Je suis bien d'accord avec Roland Gori quant aux immenses qualités de l'oeuvre à part entière qu'est le film Hors normes.

Il y a des années qu'on n'assiste plus à une projection qui fait salle pleine.

Cette semaine, Le Traître de Marco Bellochio et Joker de Todd Phillips, convoquaient un public nombreux et recueilli (je ne compare pas ces films, incomparables en tout point , je souligne qu'ils trouvent leur public et le font vibrer, sur des questions sociales brûlantes).

Hors normes ne fait pas exception, et nous donne une satisfaction supplémentaire en nous faisant savoir (à la fin) que la moitié des bénéfices du film est reversée aux associations. Voilà qui fait de nous des spectateurs militants, chose rarissime. Ainsi, la concurrence avec la littérature donne des ailes au cinéma, qui se surpasse.

Hors normes nous rive à l'actualité insupportable que nous sommes nombreux à connaître dans les services de soins (dont témoigne, entre autres, La Psychiatrie à l'abandon, documentaire récent d'Anaïs Feuillette et Gérard Miller). Le synopsis réussit à renouveler la notion même de fiction en produisant des personnages plus réels que vrais, ces "exilés de l'intime" comme les ont nommés Marie-José Del Volgo et Roland Gori, et la performance magistrale d'un couple d'acteurs masculins qui incarnent ces héros modernes dont a parlé Lacan, luttant pour assumer les conséquences de l'égarement dans lequel sont laissés les exclus du système, achève de donner au film une densité inédite.
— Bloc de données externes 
Lemma nrm_eq0 x : N x = 0 -> x = 0.
Proof. by case: hN => h _ _; apply: h. Qed.

Lemma nrmZ (c : R) x : N (c *: x) = `|c| * N x.
Proof. by case: hN => _ h _; apply: h. Qed.

Lemma ler_nrmD x y : N (x + y) <= N x + N y.
Proof. by case: hN => _ _ h; apply: h. Qed.

Lemma nrm0 : N 0 = 0.
Proof. by rewrite -(scale0r (0 : V)) nrmZ normr0 mul0r. Qed.

Lemma nrmN x : N (- x) = N x.
Proof. by rewrite -scaleN1r nrmZ normrN normr1 mul1r. Qed.

Lemma nrm_ge0 x : 0 <= N x.
Proof. by have := ler_nrmD x (- x); rewrite subrr nrm0 nrmN; lra. Qed.

Lemma nrm_gt0 x : x != 0 -> 0 < N x.
Proof.
move=> hx; rewrite lt_neqAle nrm_ge0 andbT eq_sym.
by apply: contra hx => /eqP /nrm_eq0 ->.
Qed.

Lemma nrmZ_ge0 (c : R) x : 0 <= c -> N (c *: x) = c * N x.
Proof. by move=> hc; rewrite nrmZ ger0_norm. Qed.

Lemma ler_nrmB x y : N x - N y <= N (x - y).
Proof. by have := ler_nrmD (x - y) y; rewrite subrK; lra. Qed.

Lemma nrm_convex (th : R) x y : 0 <= th <= 1 ->
  N ((1 - th) *: x + th *: y) <= (1 - th) * N x + th * N y.
Proof.
case/andP => h0 h1.
by apply: le_trans (ler_nrmD _ _) _; rewrite !nrmZ_ge0 // subr_ge0.
Qed.

Definition dquot (a w : V) (t : R) := (N (a + t *: w) - N a) / t.

Definition ddir (a w : V) := inf [set dquot a w t | t in [set t | 0 < t]].

Lemma dquot_ge a w t : 0 < t -> - N w <= dquot a w t.
Proof.
move=> ht; rewrite /dquot ler_pdivlMr //.
by have := ler_nrmB a (- (t *: w)); rewrite opprK nrmN nrmZ_ge0 ?(ltW ht); lra.
Qed.

Lemma dquot_le a w t : 0 < t -> dquot a w t <= N w.
Proof.
move=> ht; rewrite /dquot ler_pdivrMr //.
by have := ler_nrmD a (t *: w); rewrite nrmZ_ge0 ?(ltW ht); lra.
Qed.

(* Convexity of [N] along the segment from [a] to [a + t w]. *)
Lemma dquot_mono a w s t : 0 < s -> s <= t -> dquot a w s <= dquot a w t.
Proof.
move=> hs hst; have ht : 0 < t by apply: lt_le_trans hst.
have th01 : 0 <= s / t <= 1.
  by rewrite divr_ge0 ?(ltW hs) ?(ltW ht) //= ler_pdivrMr // mul1r.
have := nrm_convex a (a + t *: w) th01.
have -> : (1 - s / t) *: a + s / t *: (a + t *: w) = a + s *: w.
  by apply: row2P; rewrite !mxE; field; rewrite gt_eqF.
move=> h; rewrite /dquot ler_pdivrMr // mulrAC ler_pdivlMr //.
rewrite (_ : (N (a + t *: w) - N a) * s =
  t * ((1 - s / t) * N a + s / t * N (a + t *: w) - N a)); last first.
  by field; rewrite gt_eqF.
by rewrite mulrC ler_pM2l //; lra.
Qed.

Lemma ddir_has_inf a w : has_inf [set dquot a w t | t in [set t | 0 < t]].
Proof.
split; first by exists (dquot a w 1); exists 1 => //=; apply: ltr01.
by exists (- N w) => _ [t ht <-]; apply: dquot_ge.
Qed.

Lemma ddir_le_dquot a w t : 0 < t -> ddir a w <= dquot a w t.
Proof. by move=> ht; apply: (ge_inf (ddir_has_inf a w).2); exists t. Qed.

Lemma ddir_ge a w d : (forall t, 0 < t -> d <= dquot a w t) -> d <= ddir a w.
Proof.
move=> h; apply: lb_le_inf; first by exists (dquot a w 1); exists 1 => //=; apply: ltr01.
by move=> _ [t ht <-]; apply: h.
Qed.

Lemma ddir_adherent a w e : 0 < e -> exists2 t, 0 < t &
  forall s, 0 < s -> s <= t -> dquot a w s < ddir a w + e.
Proof.
move=> he; have [_ [t ht <-] hq] := inf_adherent he (ddir_has_inf a w).
by exists t => // s hs hst; apply: le_lt_trans hq; apply: dquot_mono.
Qed.

Lemma ddir_ge_nrmN a w : - N w <= ddir a w.
Proof. by apply: ddir_ge => t; apply: dquot_ge. Qed.

Lemma ddir_le_nrm a w : ddir a w <= N w.
Proof. exact: le_trans (ddir_le_dquot a w ltr01) (dquot_le a w ltr01). Qed.

Lemma ddir_rescale a b w v (m k : R) : 0 < m -> 0 < k ->
  (forall t, 0 < t -> dquot a w t = m * dquot b v (k * t)) ->
  ddir a w = m * ddir b v.
Proof.
move=> hm hk h; apply/eqP; rewrite eq_le; apply/andP; split.
  rewrite -ler_pdivrMl //; apply: ddir_ge => t ht.
  have htk : 0 < t / k by rewrite divr_gt0.
  rewrite ler_pdivrMl //; apply: le_trans (ddir_le_dquot _ _ htk) _.
  by rewrite h // [k * _]mulrC divfK ?gt_eqF.
apply: ddir_ge => t ht; rewrite h // ler_pM2l //.
by apply: ddir_le_dquot; rewrite mulr_gt0.
Qed.

Lemma ddir_const a w d : (forall t, 0 < t -> dquot a w t = d) -> ddir a w = d.
Proof.
move=> h; apply/eqP; rewrite eq_le; apply/andP; split.
  by rewrite -(h 1 ltr01); apply: ddir_le_dquot.
by apply: ddir_ge => t ht; rewrite h.
Qed.

Lemma ddirNl a w : ddir (- a) w = ddir a (- w).
Proof.
rewrite -[ddir a _]mul1r; apply: (ddir_rescale ltr01 ltr01) => t _.
by rewrite !mul1r /dquot nrmN -nrmN opprD scalerN opprK.
Qed.

Lemma ddirZl a w (c : R) : 0 < c -> ddir (c *: a) w = ddir a w.
Proof.
move=> hc; have hc' : 0 < c^-1 by rewrite invr_gt0.
rewrite -[ddir a _]mul1r; apply: (ddir_rescale ltr01 hc') => t ht; rewrite /dquot.
have -> : c *: a + t *: w = c *: (a + (c^-1 * t) *: w).
  by rewrite scalerDr scalerA mulrA mulfV ?gt_eqF // mul1r.
by rewrite !nrmZ_ge0 ?(ltW hc) // mul1r; field; rewrite !gt_eqF.
Qed.

Lemma ddirZr a w (c : R) : 0 <= c -> ddir a (c *: w) = c * ddir a w.
Proof.
rewrite le_eqVlt => /orP[/eqP<-|hc].
  rewrite mul0r scale0r; apply: ddir_const => t _.
  by rewrite /dquot scaler0 addr0 subrr mul0r.
apply: (ddir_rescale hc hc) => t ht.
by rewrite /dquot scalerA [t * c]mulrC; field; rewrite !gt_eqF.
Qed.

Lemma ddir_self a : ddir a a = N a.
Proof.
apply: ddir_const => t ht.
rewrite /dquot -{1}(scale1r a) -scalerDl nrmZ_ge0; first by field; rewrite gt_eqF.
by rewrite addr_ge0 ?ler01 ?(ltW ht).
Qed.

Lemma ddir_selfN a : ddir a (- a) = - N a.
Proof.
apply/eqP; rewrite eq_le; apply/andP; split; last by rewrite -nrmN ddir_ge_nrmN.
apply: le_trans (ddir_le_dquot _ _ ltr01) _.
by rewrite /dquot scale1r subrr nrm0 sub0r divr1.
Qed.

Lemma ddir_subadd a x y : ddir a (x + y) <= ddir a x + ddir a y.
Proof.
apply/ler_addgt0Pr => e he; have he2 : 0 < e / 2 by rewrite divr_gt0.
have [tx htx hx] := ddir_adherent a x he2.
have [ty hty hy] := ddir_adherent a y he2.
pose t := Num.min tx ty.
have ht : 0 < t by rewrite lt_min htx hty.
have qx : dquot a x t < ddir a x + e / 2 by apply: hx; rewrite // ge_min lexx.
have qy : dquot a y t < ddir a y + e / 2 by apply: hy; rewrite // ge_min lexx orbT.
have mid : dquot a (x + y) (t / 2) <= dquot a x t + dquot a y t.
  rewrite /dquot; set u := a + t *: x; set v := a + t *: y.
  have -> : a + (t / 2) *: (x + y) = 2^-1 *: u + 2^-1 *: v.
    by apply: row2P; rewrite !mxE; field.
  rewrite -mulrDl (_ : forall z, z / (t / 2) = (2 * z) / t); last first.
    by move=> z; field; rewrite gt_eqF.
  rewrite ler_pM2r ?invr_gt0 //.
  by have := ler_nrmD (2^-1 *: u) (2^-1 *: v); rewrite !nrmZ_ge0 ?invr_ge0 ?ler0n //; lra.
have := ddir_le_dquot a (x + y) (_ : 0 < t / 2); rewrite divr_gt0 // => /(_ isT).
by lra.
Qed.

Lemma ddir_along a (g : R) : ddir a (g *: a) = g * N a.
Proof.
have [hg|hg] := leP 0 g; first by rewrite ddirZr // ddir_self.
by rewrite -scaleNN ddirZr ?oppr_ge0 ?(ltW hg) // ddir_selfN mulrNN.
Qed.

Lemma ddir_lin a c (g d : R) : 0 <= d ->
  ddir a (g *: a + d *: c) = g * N a + d * ddir a c.
Proof.
move=> hd; rewrite -ddirZr //; apply/eqP; rewrite eq_le; apply/andP; split.
  by rewrite -ddir_along; apply: ddir_subadd.
have := ddir_subadd a (g *: a + d *: c) ((- g) *: a).
by rewrite ddir_along addrAC -scalerDl subrr scale0r add0r mulNr; lra.
Qed.

(* Convexity of [N] along the ray from [a] through [a + s w]. *)
Lemma dquot_shift a w s t : 0 < s -> 0 < t -> dquot a w s <= dquot (a + s *: w) w t.
Proof.
move=> hs ht; have hst : 0 < s + t by rewrite addr_gt0.
have th01 : 0 <= s / (s + t) <= 1.
  by rewrite divr_ge0 ?(ltW hs) ?(ltW hst) //= ler_pdivrMr // mul1r lerDl ltW.
have := nrm_convex a (a + (s + t) *: w) th01.
have -> : (1 - s / (s + t)) *: a + s / (s + t) *: (a + (s + t) *: w) = a + s *: w.
  by apply: row2P; rewrite !mxE; field; rewrite gt_eqF.
rewrite /dquot -addrA -scalerDl.
set A := N a; set B := N (a + s *: w); set C := N (a + (s + t) *: w) => h.
have h2 : (s + t) * B <= t * A + s * C.
  rewrite (_ : t * A + s * C = (s + t) * ((1 - s / (s + t)) * A + s / (s + t) * C)).
    by rewrite ler_pM2l.
  by field; rewrite gt_eqF.
by rewrite ler_pdivrMr // mulrAC ler_pdivlMr //; nra.
Qed.

Lemma ddir_shift a w (al be : R) : 0 <= al -> 0 < be ->
  ddir a w <= ddir (al *: a + be *: w) w.
Proof.
rewrite le_eqVlt => /orP[/eqP<- hbe|hal hbe].
  by rewrite scale0r add0r ddirZl // ddir_self ddir_le_nrm.
have -> : al *: a + be *: w = al *: (a + (be / al) *: w).
  by rewrite scalerDr scalerA mulrCA mulfV ?gt_eqF // mulr1.
rewrite ddirZl //; have hs : 0 < be / al by rewrite divr_gt0.
apply: ddir_ge => t ht; apply: le_trans (ddir_le_dquot a w hs) _.
exact: dquot_shift.
Qed.

Lemma ddir_adherent_seq (s : seq V) w e : 0 < e ->
  exists2 t, 0 < t & forall b, b \in s -> dquot b w t < ddir b w + e.
Proof.
move=> he; elim: s => [|b s [t2 ht2 h2]]; first by exists 1.
have [t1 ht1 h1] := ddir_adherent b w he.
have ht : 0 < Num.min t1 t2 by rewrite lt_min ht1 ht2.
exists (Num.min t1 t2) => // b'; rewrite inE => /orP[/eqP->|/h2].
  by apply: h1; rewrite // ge_min lexx.
by apply: le_lt_trans; apply: dquot_mono; rewrite // ge_min lexx orbT.
Qed.

Lemma FT_point0P (s : seq V) :
  FT_point N 0 s <-> forall w, 0 <= \sum_(b <- s) ddir b w.
Proof.
split=> [ft w|h x].
  apply/ler_addgt0Pr => e he.
  pose e' := e / (size s).+1%:R.
  have he' : 0 < e' by rewrite divr_gt0 ?ltr0Sn.
  have [t ht ht'] := ddir_adherent_seq s w he'.
  have q0 : 0 <= \sum_(b <- s) dquot b w t.
    rewrite -big_distrl /= divr_ge0 ?(ltW ht) // sumrB subr_ge0.
    have E0 : \sum_(b <- s) N (0 - b) = \sum_(b <- s) N b.
      by apply: eq_bigr => b _; rewrite sub0r nrmN.
    have Et : \sum_(b <- s) N (- (t *: w) - b) = \sum_(b <- s) N (b + t *: w).
      by apply: eq_bigr => b _; rewrite -nrmN opprB opprK.
    by have := ft (- (t *: w)); rewrite E0 Et.
  have q1 : \sum_(b <- s) dquot b w t <= \sum_(b <- s) ddir b w + e' *+ size s.
    rewrite -iter_addr_0 -(count_predT s) -big_const_seq -big_split /=.
    by rewrite !big_seq; apply: ler_sum => b /ht' /ltW.
  have q2 : e' *+ size s <= e.
    by rewrite -mulr_natr /e' mulrAC ler_pdivrMr ?ltr0Sn // ler_pM2l // ler_nat.
  by apply: le_trans q0 _; apply: le_trans q1 _; rewrite lerD2l.
have E b : ddir b (- x) <= N (x - b) - N (0 - b).
  apply: le_trans (ddir_le_dquot _ _ ltr01) _.
  by rewrite /dquot scale1r divr1 sub0r nrmN -nrmN opprB.
by rewrite -subr_ge0 -sumrB; apply: le_trans (h (- x)) _; apply: ler_sum.
Qed.

Lemma FT_point_perm (x0 : V) s1 s2 : perm_eq s1 s2 ->
  FT_point N x0 s1 -> FT_point N x0 s2.
Proof. by move=> hp ft x; rewrite -!(perm_big _ hp). Qed.

(* Moving from [0] towards [b3] shortens [0 b3] without lengthening [0 b1 + 0 b2]. *)
Lemma not_FT_point_in_cone b1 b2 b3 : in_cone b1 b2 b3 -> b3 != 0 ->
  ~ FT_point N 0 [:: b1; b2; b3].
Proof.
move=> [al [be [hal hbe eb3]]] n3 ft.
pose s := (1 + al + be)^-1.
have hs : 0 < s by rewrite invr_gt0; lra.
have hsal : s * al <= 1 by rewrite /s mulrC ler_pdivrMr; lra.
have hsbe : s * be <= 1 by rewrite /s mulrC ler_pdivrMr; lra.
have hs1 : s <= 1 by rewrite /s -div1r ler_pdivrMr; lra.
have := ft (s *: b3); rewrite !big_cons !big_nil !sub0r !nrmN !addr0.
have -> : s *: b3 - b1 = (- (1 - s * al)) *: b1 + (s * be) *: b2.
  by rewrite eb3; apply: row2P; rewrite !mxE; ring.
have -> : s *: b3 - b2 = (s * al) *: b1 + (- (1 - s * be)) *: b2.
  by rewrite eb3; apply: row2P; rewrite !mxE; ring.
have -> : s *: b3 - b3 = (- (1 - s)) *: b3 by rewrite scaleNr scalerBl scale1r opprB.
have N12 (k l : R) : N (k *: b1 + l *: b2) <= `|k| * N b1 + `|l| * N b2.
  by apply: le_trans (ler_nrmD _ _) _; rewrite !nrmZ.
have := N12 (- (1 - s * al)) (s * be); have := N12 (s * al) (- (1 - s * be)).
rewrite nrmZ !normrN !ger0_norm ?subr_ge0 ?mulr_ge0 ?(ltW hs) //.
have := nrm_gt0 n3; have := nrm_ge0 b1; have := nrm_ge0 b2; nra.
Qed.

Lemma FT_point_not_pointed a1 a2 a3 : a1 != 0 -> a2 != 0 -> a3 != 0 ->
  FT_point N 0 [:: a1; a2; a3] -> ~ pointed 0 [:: a1; a2; a3].
Proof.
move=> n1 n2 n3 ft /pointed0P [c hpos].
have [p1 p2 p3] : [/\ 0 < dotp c a1, 0 < dotp c a2 & 0 < dotp c a3].
  by split; apply: hpos; rewrite !inE eqxx ?orbT.
have no_cone b1 b2 b3 : in_cone b1 b2 b3 -> b3 != 0 ->
    perm_eq [:: a1; a2; a3] [:: b1; b2; b3] -> False.
  by move=> hcone nb3 hp; apply: not_FT_point_in_cone hcone nb3 (FT_point_perm hp ft).
have [d3|d3] := eqVneq (det2 a1 a2) 0.
  apply: (no_cone a1 a3 a2 (in_cone_of_det2_eq0 a3 d3 n1 p1 p2) n2).
  by apply/permP => p /=; ring.
have [d1|d1] := eqVneq (det2 a2 a3) 0.
  apply: (no_cone a2 a1 a3 (in_cone_of_det2_eq0 a1 d1 n2 p2 p3) n3).
  by apply/permP => p /=; ring.
have [d2|d2] := eqVneq (det2 a3 a1) 0.
  apply: (no_cone a3 a2 a1 (in_cone_of_det2_eq0 a2 d2 n3 p3 p1) n1).
  by apply/permP => p /=; ring.
case: (relation_or_in_cone d1 d2 d3) => [[l1 [l2 [l3 [hl1 hl2 hl3 G]]]]|hc|hc|hc].
- have := congr1 (dotp c) G; rewrite !dotpDr !dotpZr dotp0r => hG.
  have : 0 < l1 * dotp c a1 + l2 * dotp c a2 + l3 * dotp c a3.
    by rewrite !addr_gt0 ?mulr_gt0.
  by rewrite hG ltxx.
- by apply: (no_cone _ _ _ hc n1); apply/permP => p /=; ring.
- by apply: (no_cone _ _ _ hc n2); apply/permP => p /=; ring.
exact: (no_cone _ _ _ hc n3).
Qed.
Il révèle de quel tabou chacun de nous se fait tous les jours les complices, à son corps défendant, et le voile qu'il tend sur l'irreprésentable n'en fait que mieux saillir celui-ci. C'est sa performance artistique.

La force du film l'a installé en travers des mesures de suppression que l'IGAS entendait appliquer aux associations en question. Le film s'est fait acteur, interposé entre l'administration et les association et il a intimidé, si bien que les associations ont été, grâce à lui, maintenues. On a préféré surseoir.

Si on ne perd rien pour attendre, si le combat est perdu par avance, nous restons réalistes et voulons faire reculer les limites de l'impossible, ce nom du réel lacanien. 

En effet, par un de ces paradoxes dont il faudra approfondir la logique, ce n'est pas le narcissisme de la cause perdue qui triomphe, mais la cause du désir qui en sort  renforcée.

Dans le monde de l'autisme et de ses praticiens qui ne renoncent pas à s'orienter de la psychanalyse lacanienne, le documentaire de Mariana Otero "À ciel ouvert" a fait il y a fait il y a quelques années une autre brèche. Il reprend de la vigueur aujourd'hui, car hors normes, il l'était, comme film et comme son objet, du fait du lien qu'il montrait entre le savoir à inventer au quotidien avec les enfants ou les adolescents "oui-autistes" comme les a nommés Laurent Demoulin dans son Robinson. Il faisait valoir les exigences d'un lieu qui nouait ensemble l'ancrage quotidien dans l'élaboration nécessaire de la pratique et un transfert à la recherche fondamentale quant à la nature et aux déclinaisons du lien à l'autre, avec une pratique qui n'a rien à envier à celle que montre le film de Nakache et Toledano.

Il me semble que Hors normes loin d'y contredire, y fait appel, un appel qui n'est pas muet, même s'il n'est pas sonorisé. Nous devons le déchiffrer, poursuivre donc.